Il Signore ha chiamato a sé il nostro caro don Arnaldo nei giorni dell’Ottava di Natale, i giorni in cui la liturgia ci invita a contemplare il mistero di Dio fatto uomo. Colgo in questa circostanza un invito a guardare la sua morte alla luce dell’incarnazione del Figlio di Dio.
Mandando nel mondo il suo Figlio, Dio si è fatto uomo perché l’uomo potesse diventare Dio: come ripetiamo spesso in un canto molto usato nel periodo natalizio «Dio si è fatto come noi per farci come lui». Giovanni, nel brano della sua prima lettera, proclamato nella seconda lettura, esprime tutto il suo stupore di fronte a questa verità: «Quale grande amore ci ha dato il Padre per essere chiamati figli di Dio e lo siamo realmente». Essere figli di Dio però ha delle conseguenze anche sulla nostra sorte ultima: «Noi fin d’ora siamo figli di Dio, ma ciò che saremo non è stato ancora rivelato. Sappiamo però che quando egli si sarà manifestato noi saremo simili a lui, perché lo vedremo così come egli è».
Nella prospettiva della fede la morte è allora una nuova nascita, un passaggio oltre il quale diventa possibile per il credente vedere il volto di Dio e vivere nell’unione con lui.
Don Arnaldo si era preparato a questo passaggio: in particolare negli ultimi mesi vedendo che la situazione della sua salute era sempre più precaria si è preoccupato di disporre delle sue cose e a chi gli ha fatto visita durante la degenza in ospedale nelle ultime settimane ha detto di essere pronto anche per l’ultimo definitivo passaggio. Del resto chi lo ha conosciuto sa che era un uomo forte e determinato. Un suo parrocchiano lo ha descritto come una personalità «essenziale, schiva, quasi rude a volte, da imparare a prendere ma al contempo determinato a non mettere al centro se stesso ma Dio, la sua parola e il servizio alla Chiesa». Anch’io posso dare testimonianza di questo: l’ho incontrato la prima volta in un contesto molto difficile per lui e anche per me e ho dovuto prendere nei suoi confronti una posizione molto decisa. Ciononostante lui ha capito le mie preoccupazioni e in seguito ha cercato di recuperare il rapporto e mi ha manifestato stima e amicizia, rivelandosi come un uomo, un prete, con un carattere forte e a volte spigoloso, ma capace anche di ritornare sui suoi passi e di ricucire le relazioni.

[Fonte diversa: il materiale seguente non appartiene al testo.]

Lemma holds_exists_vars n r (e : seq k) f : size e = r ->
  GRing.holds e (exists_vars (iota r n) f) <->
  exists2 xs : seq k, size xs = n & GRing.holds (e ++ xs) f.
Proof.
move=> <-; elim: n e => [|n IH] e /=.
  split => [fe|[[|//] _]]; last by rewrite cats0.
  by exists [::]; rewrite ?cats0.
have set_nth_rcons x : set_nth 0 e (size e) x = rcons e x.
  by elim: (e) => //= a e' ->.
split => [[x]|[[|x xs] //= [sxs] fexs]].
  rewrite set_nth_rcons -(size_rcons e x) => /IH [xs sxs fexs].
  by exists (x :: xs); [rewrite /= sxs|rewrite -cat_rcons].
exists x; rewrite set_nth_rcons -(size_rcons e x); apply/IH.
by exists xs => //; rewrite cat_rcons.
Qed.

Definition clause_holds (e : seq k) (bc : seq term * seq term) :=
  all (fun t => GRing.eval e t == 0) bc.1 && all (fun t => GRing.eval e t != 0) bc.2.

Lemma qf_eval_dnf_to_form e bcs :
  GRing.qf_eval e (GRing.dnf_to_form bcs) = has (clause_holds e) bcs.
Proof.
elim: bcs => //= [[ps qs]] bcs <-; congr orb; rewrite /clause_holds /=.
by congr andb; [elim: ps|elim: qs] => //= t ts ->.
Qed.

End Formulas.

Definition map_image (k : fieldType) n r (p : 'I_r -> 'rV[k]_n -> k)
  (Y : 'rV[k]_n -> Prop) (y : 'rV[k]_r) := exists2 x, Y x & y = quot_map p x.

(* Chevalley's theorem, by quantifier elimination. *)
Lemma closed_image_dnf (k : closedFieldType) n r (Y : 'rV[k]_n -> Prop)
    (p : 'I_r -> 'rV[k]_n -> k) :
  zclosed Y -> (forall i, polyfun (p i)) ->
  exists2 bcs, all GRing.dnf_rterm bcs & forall y : 'rV[k]_r,
    has (clause_holds (row2seq y)) bcs <-> map_image p Y y.
Proof.
move=> /zclosed_finite [s [F [Fpoly YF]]] ppoly.
have [tF EF] := polyfun_family_term_rep r Fpoly.
have [tp Ep] := polyfun_family_term_rep r ppoly.
pose phi := exists_vars (iota r n) (GRing.And (conj_eq0 (enum 'I_s) tF)
  (conj_eq0 (enum 'I_r) (fun i => 'X_i - tp i)%T)).
have rphi : GRing.rformula phi.
  rewrite rformula_exists_vars /= !rformula_conj_eq0 // => i /=.
    by have [] := Ep i.
  by have [] := EF i.
have wf := @ClosedFieldQE.wf_ex_elim k.
have ok := @ClosedFieldQE.holds_ex_elim k (@GRing.solve_monicpoly k).
have qf_psi := GRing.quantifier_elim_wf wf rphi.
exists (GRing.qf_to_dnf (GRing.quantifier_elim (@ClosedFieldQE.ex_elim k) phi) false).
  by apply: GRing.qf_to_dnf_rterm; case/andP: qf_psi.
move=> y; rewrite -qf_eval_dnf_to_form (GRing.qf_to_dnfP _ qf_psi).
have env_y xs (i : 'I_r) : nth 0 (row2seq y ++ xs) i = y ord0 i.
  by rewrite nth_cat size_row2seq ltn_ord nth_row2seq.
have env_x xs (j : nat) : nth 0 (row2seq y ++ xs) (r + j) = nth 0 xs j.
  by rewrite nth_cat size_row2seq ltnNge leq_addr /= addKn.
rewrite -(rwP (GRing.quantifier_elim_rformP wf ok _ rphi)).
rewrite (holds_exists_vars _ _ (size_row2seq y)); split.
  move=> [xs _ [/holds_conj_eq0 F0 /holds_conj_eq0 yp]].
  pose x : 'rV[k]_n := \row_j nth 0 xs j.
  have Ex (j : 'I_n) : nth 0 (row2seq y ++ xs) (r + j) = x ord0 j by rewrite env_x mxE.
  exists x; first by apply/YF => i; rewrite -(term_rep_eval (EF i) Ex); exact/F0/mem_enum.
  apply/rowP => i; have /eqP := yp i (mem_enum _ i).
  by rewrite /= (term_rep_eval (Ep i) Ex) env_y mxE subr_eq0 => /eqP.
move=> [x /YF F0 yx]; exists (row2seq x); first exact: size_row2seq.
have Ex (j : 'I_n) : nth 0 (row2seq y ++ row2seq x) (r + j) = x ord0 j.
  by rewrite env_x nth_row2seq.
split; apply/holds_conj_eq0 => i _; first by rewrite (term_rep_eval (EF i) Ex).
by rewrite /= (term_rep_eval (Ep i) Ex) env_y yx mxE subrr.
Qed.

Section ConstructibleDichotomy.
Variables (k : fieldType) (r : nat) (T : 'rV[k]_r -> Prop).
Hypothesis T_ne : exists y, T y.
Hypothesis T_irr : forall P Q : 'rV[k]_r -> k, polyfun P -> polyfun Q ->
  (forall y, T y -> P y * Q y = 0) ->
  (forall y, T y -> P y = 0) \/ (forall y, T y -> Q y = 0).

Definition in_hypersurface (C : 'rV[k]_r -> Prop) := exists P, [/\ polyfun P,
  exists2 y, T y & P y <> 0 & forall y, T y -> C y -> P y = 0].

Definition contains_basic_open (C : 'rV[k]_r -> Prop) := exists q, [/\ polyfun q,
  exists2 y, T y & q y <> 0 & forall y, T y -> q y <> 0 -> C y].

Lemma in_hypersurface_disjoint (C : 'rV[k]_r -> Prop) :
  (forall y, T y -> ~ C y) -> in_hypersurface C.
Proof.
have [y Ty] := T_ne.
by move=> TC; exists (fun _ => 1); split=> [|/=|y' Ty' /(TC _ Ty')//];
  [exact: PFconst|exists y => //; exact/eqP/oner_neq0].
Qed.

Lemma in_hypersurfaceU (C D : 'rV[k]_r -> Prop) : in_hypersurface C ->
  in_hypersurface D -> in_hypersurface (fun y => C y \/ D y).
Proof.
move=> [P [Ppoly [y1 Ty1 Py1] PC]] [Q [Qpoly [y2 Ty2 Qy2] QD]].
exists (fun y => P y * Q y); split; first exact: PFmul.
  apply: NNPP => PQ0; case: (T_irr Ppoly Qpoly) => [y Ty|P0|Q0].
  - by apply: NNPP => PQy; apply: PQ0; exists y.
  - exact: Py1 (P0 _ Ty1).
  - exact: Qy2 (Q0 _ Ty2).
by move=> y Ty [/(PC _ Ty)->|/(QD _ Ty)->]; rewrite ?mul0r ?mulr0.
Qed.

Lemma in_hypersurface_sub (C D : 'rV[k]_r -> Prop) :
  (forall y, T y -> C y -> D y) -> in_hypersurface D -> in_hypersurface C.
Proof.
by move=> CD [P [Ppoly PT PD]]; exists P; split => // y Ty /(CD _ Ty); exact: PD.
Qed.

Lemma zero_locus_dichotomy (ps : seq (GRing.term k)) : all (@GRing.rterm k) ps ->
  in_hypersurface (fun y => all (fun t => GRing.eval (row2seq y) t == 0) ps) \/
  forall y, T y -> all (fun t => GRing.eval (row2seq y) t == 0) ps.
Proof.
elim: ps => [|t ps IH /= /andP[rt /IH [psH|ps0]]]; [by right|left|].
  by apply: in_hypersurface_sub psH => y _ /andP[].
case: (classic (exists2 y, T y & GRing.eval (row2seq y) t <> 0)) => [tT|t0].
  left; exists (fun y => GRing.eval (row2seq y) t); split => //.
    exact: polyfun_eval_term.
  by move=> y _ /andP[/eqP].
right => y Ty; rewrite ps0 // andbT; apply/eqP; apply: NNPP => ty.
by apply: t0; exists y.
Qed.

Lemma clause_dichotomy bc : GRing.dnf_rterm bc ->
  in_hypersurface (fun y => clause_holds (row2seq y) bc) \/
  contains_basic_open (fun y => clause_holds (row2seq y) bc).
Proof.
case: bc => ps qs /andP[/= /zero_locus_dichotomy [psH|ps0] rqs].
  by left; apply: in_hypersurface_sub psH => y _ /andP[].
pose Q (y : 'rV[k]_r) := \prod_(t <- qs) GRing.eval (row2seq y) t.
have Qpoly : polyfun Q by exact: polyfun_prod_eval_term.
have Q0 y : (Q y != 0) = all (fun t => GRing.eval (row2seq y) t != 0) qs.
  by rewrite /Q prodf_seq_neq0.
case: (classic (exists2 y, T y & Q y <> 0)) => [[y Ty Qy]|QT0].
  right; exists Q; split => //; first by exists y.
  by move=> y' Ty' /eqP; rewrite Q0 /clause_holds ps0.
left; apply: in_hypersurface_disjoint => y Ty /andP[_ /=]; rewrite -Q0 => /eqP Qy.
by apply: QT0; exists y.
Qed.

Lemma dnf_dichotomy bcs : all GRing.dnf_rterm bcs ->
  in_hypersurface (fun y => has (clause_holds (row2seq y)) bcs) \/
  contains_basic_open (fun y => has (clause_holds (row2seq y)) bcs).
Proof.
elim: bcs => [_|bc bcs IH /= /andP[/clause_dichotomy bcD /IH bcsD]].
  by left; apply: in_hypersurface_disjoint.
case: bcsD => [bcsH|[q [qpoly qT qbcs]]]; last first.
  by right; exists q; split => // y Ty /(qbcs _ Ty) ->; rewrite orbT.
case: bcD => [bcH|[q [qpoly qT qbc]]]; last first.
  by right; exists q; split => // y Ty /(qbc _ Ty) ->.
left; have [P [Ppoly PT PC]] := in_hypersurfaceU bcH bcsH.
by exists P; split => // y Ty /orP; exact: PC.
Qed.

End ConstructibleDichotomy.

Section Geometry.
Variable k : fieldType.

Lemma polyfun_comp n r (P : 'rV[k]_r -> k) (q : 'I_r -> 'rV[k]_n -> k) :
  polyfun P -> (forall i, polyfun (q i)) -> polyfun (fun x => P (quot_map q x)).
Proof.
move=> Ppoly qpoly; elim: Ppoly => [c|i|f g _ Pf _ Pg|f g _ Pf _ Pg|f g _ Pf fg].
- exact: PFconst.
- by apply: (PFext (qpoly i)) => x; rewrite mxE.
- exact: PFadd.
- exact: PFmul.
- by apply: (PFext Pf) => x; rewrite fg.
Qed.

Lemma zclosed_zero n (s : 'rV[k]_n -> k) : polyfun s -> zclosed (fun x => s x = 0).
Proof.
by move=> spoly; exists (eq^~ s); split=> [f ->|x] //; split=> [s0 f ->|]; last exact.
Qed.

Lemma regular_family_polyfun n r (X : 'rV[k]_n -> Prop) (f : 'I_r -> 'rV[k]_n -> k) :
  (forall i, regular_on X (f i)) -> exists p : 'I_r -> 'rV[k]_n -> k,
    (forall i, polyfun (p i)) /\ forall x, X x -> quot_map f x = quot_map p x.
Proof.
move=> freg; have [p fp] := functional_choice
  (fun i p => polyfun p /\ forall x, X x -> f i x = p x) freg.
exists p; split => [i|x Xx]; first by have [] := fp i.
by apply/rowP => i; rewrite !mxE; have [_ ->] := fp i.
Qed.

Lemma map_image_irreducible n r (X : 'rV[k]_n -> Prop) (p : 'I_r -> 'rV[k]_n -> k) :
  irreducible_variety X -> (forall i, polyfun (p i)) ->
  forall P Q : 'rV[k]_r -> k, polyfun P -> polyfun Q ->
  (forall y, map_image p X y -> P y * Q y = 0) ->
  (forall y, map_image p X y -> P y = 0) \/ (forall y, map_image p X y -> Q y = 0).
Proof.
move=> [_ _ Xirr] ppoly P Q Ppoly Qpoly PQ0.
have := Xirr _ _ (zclosed_zero (polyfun_comp Ppoly ppoly))
  (zclosed_zero (polyfun_comp Qpoly ppoly)).
case=> [x Xx|P0|Q0]; last 2 first.
- by left => _ [x Xx ->]; exact: P0.
- by right => _ [x Xx ->]; exact: Q0.
have /eqP := PQ0 _ (ex_intro2 _ _ x Xx erefl).
by rewrite mulf_eq0 => /orP[/eqP|/eqP]; [left|right].
Qed.

Lemma invariant_fun_comp m n r (G : 'rV[k]_m -> Prop) (X : 'rV[k]_n -> Prop) act
    (f p : 'I_r -> 'rV[k]_n -> k) (P : 'rV[k]_r -> k) :
  (forall i, invariant_fun G X act (f i)) -> (forall i, polyfun (p i)) ->
  (forall x, X x -> quot_map f x = quot_map p x) -> polyfun P ->
  invariant_fun G X act (fun x => P (quot_map f x)).
Proof.
move=> finv ppoly fp Ppoly; split.
  exists (fun x => P (quot_map p x)); split=> [|x Xx]; first exact: polyfun_comp.
  by rewrite fp.
by move=> g x Gg Xx; congr P; apply/rowP => i; rewrite !mxE (finv i).2.
Qed.

End Geometry.

Lemma orbit_fibers_saturated (k : fieldType) m n (G : 'rV[k]_m -> Prop) e mul inv
    (X : 'rV[k]_n -> Prop) act r (f : 'I_r -> 'rV[k]_n -> k) (Y : 'rV[k]_n -> Prop) :
  affine_algebraic_group G e mul inv -> regular_action G e mul X act ->
  (forall y, aff_quotient X f y -> exists x0, X x0 /\
     forall x, (X x /\ quot_map f x = y) <-> h_orbit G act x0 x) ->
  (forall g y, G g -> Y y -> Y (act g y)) ->
  forall x x', X x -> X x' -> quot_map f x' = quot_map f x -> Y x' -> Y x.
Proof.
move=> [_ _ [_ Ginv] [_ [_ invK]] _] [_ act1 actM _] fibers Ystable.
move=> x x' Xx Xx' fxx' Yx'.
have [z [Xz orbit_z]] : exists z, X z /\
    forall x'', (X x'' /\ quot_map f x'' = quot_map f x) <-> h_orbit G act z x''.
  by apply: fibers => P _; apply.
have [g [Gg ->]] := proj1 (orbit_z x) (conj Xx erefl).
have [g' [Gg' x'E]] := proj1 (orbit_z x') (conj Xx' fxx').
have -> : z = act (inv g') x'.
  rewrite x'E -actM //; last exact: Ginv.
  by have [-> _] := invK g' Gg'; rewrite act1.
by apply: (Ystable) => //; apply: (Ystable) => //; exact: Ginv.
Qed.

Theorem theorem6p4 (k : closedFieldType) (m n : nat)
  (G : 'rV[k]_m -> Prop) (e : 'rV[k]_m)
  (mul : 'rV[k]_m -> 'rV[k]_m -> 'rV[k]_m) (inv : 'rV[k]_m -> 'rV[k]_m)
  (X : 'rV[k]_n -> Prop) (act : 'rV[k]_m -> 'rV[k]_n -> 'rV[k]_n)
  (r : nat) (f : 'I_r -> 'rV[k]_n -> k) :
  affine_algebraic_group G e mul inv ->
  irreducible_variety X ->
  regular_action G e mul X act ->
  generates_invariants G X act f ->
  (forall y, aff_quotient X f y ->
     exists x0, X x0 /\
       forall x, (X x /\ quot_map f x = y) <-> h_orbit G act x0 x) ->
  observable G X act.
Proof.
move=> grp Xirr action [finv _] fibers Y Yclosed YX Ystable [x1 [X1 nY1]].
have [p [ppoly fp]] := regular_family_polyfun (fun i => (finv i).1).
have [bcs rbcs imY] := closed_image_dnf Yclosed ppoly.
have Tne : exists y, map_image p X y by exists (quot_map p x1), x1.
case: (dnf_dichotomy Tne (map_image_irreducible Xirr ppoly) rbcs).
  move=> [P [Ppoly [_ [x0 X0 ->] Px0] PY]].
  exists (fun x => P (quot_map f x)); split; first exact: invariant_fun_comp.
    by exists x0; rewrite fp.
  move=> y Yy; rewrite fp; last exact: YX.
  by apply: PY; [exists y; first exact: YX|apply/imY; exists y].
move=> [q [qpoly [_ [x0 X0 ->] qx0] qY]]; exfalso; have [_ _ Xsplit] := Xirr.
have := Xsplit Y _ Yclosed (zclosed_zero (polyfun_comp qpoly ppoly)).
case=> [x Xx|XY|Xq]; [|exact: nY1 (XY _ X1)|exact: qx0 (Xq _ X0)].
case: (classic (q (quot_map p x) = 0)) => [|qx]; [by right|left].
have /imY [x' Yx' px'] := qY _ (ex_intro2 _ _ x Xx erefl) qx.
apply: (orbit_fibers_saturated grp action fibers Ystable Xx (YX _ Yx')) => //.
by rewrite (fp _ Xx) (fp _ (YX _ Yx')).
Qed.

Don Arnaldo era nato a Ceregnano il 3 marzo 1932 e da giovane aveva frequentato lo studentato dei frati minori conventuali. Dopo la professione religiosa era stato ordinato sacerdote a Padova nella Chiesa dell’Arcella il 2 ottobre 1960. Prestò servizio in varie comunità dell’Ordine a Verona, a Padova e a Mestre. Nel 1978 chiese ai superiori di poter fare un’esperienza nel clero della nostra Diocesi e successivamente ottenne il permesso di lasciare l’Ordine dei frati minori conventuali per diventare sacerdote diocesano. Nella nostra Diocesi fu dapprima parroco di Paolino dal 1979 al 1985. In data 1° gennaio 1986 fu nominato parroco di San Pio X, dove rimase fino all’ottobre del 2010 quando rinunciò all’ufficio per motivo dell’età. Da quanto intuisco il periodo trascorso a San Pio X è stato l’esperienza più significativa della sua vita di prete, coincidendo anche con il tempo della sua maturità. Negli anni successivi continuò a prestare il suo ministero collaborando nelle parrocchie cittadine di San Francesco e del Duomo.
Affidiamo ora al Signore la vita di questo nostro fratello, che per più di 60 anni ha servito la Chiesa come sacerdote: il bene che ha fatto gli ottenga il perdono per le fragilità e i limiti che possono aver segnato la sua azione. Ora per lui è venuta l’ora di udire la voce del Figlio di Dio che chiama ad una risurrezione di vita i suoi servi buoni e fedeli. Conserviamo nel cuore gli insegnamenti e gli esempi che ci ha lasciato facendone tesoro per il cammino che ancora ci attende.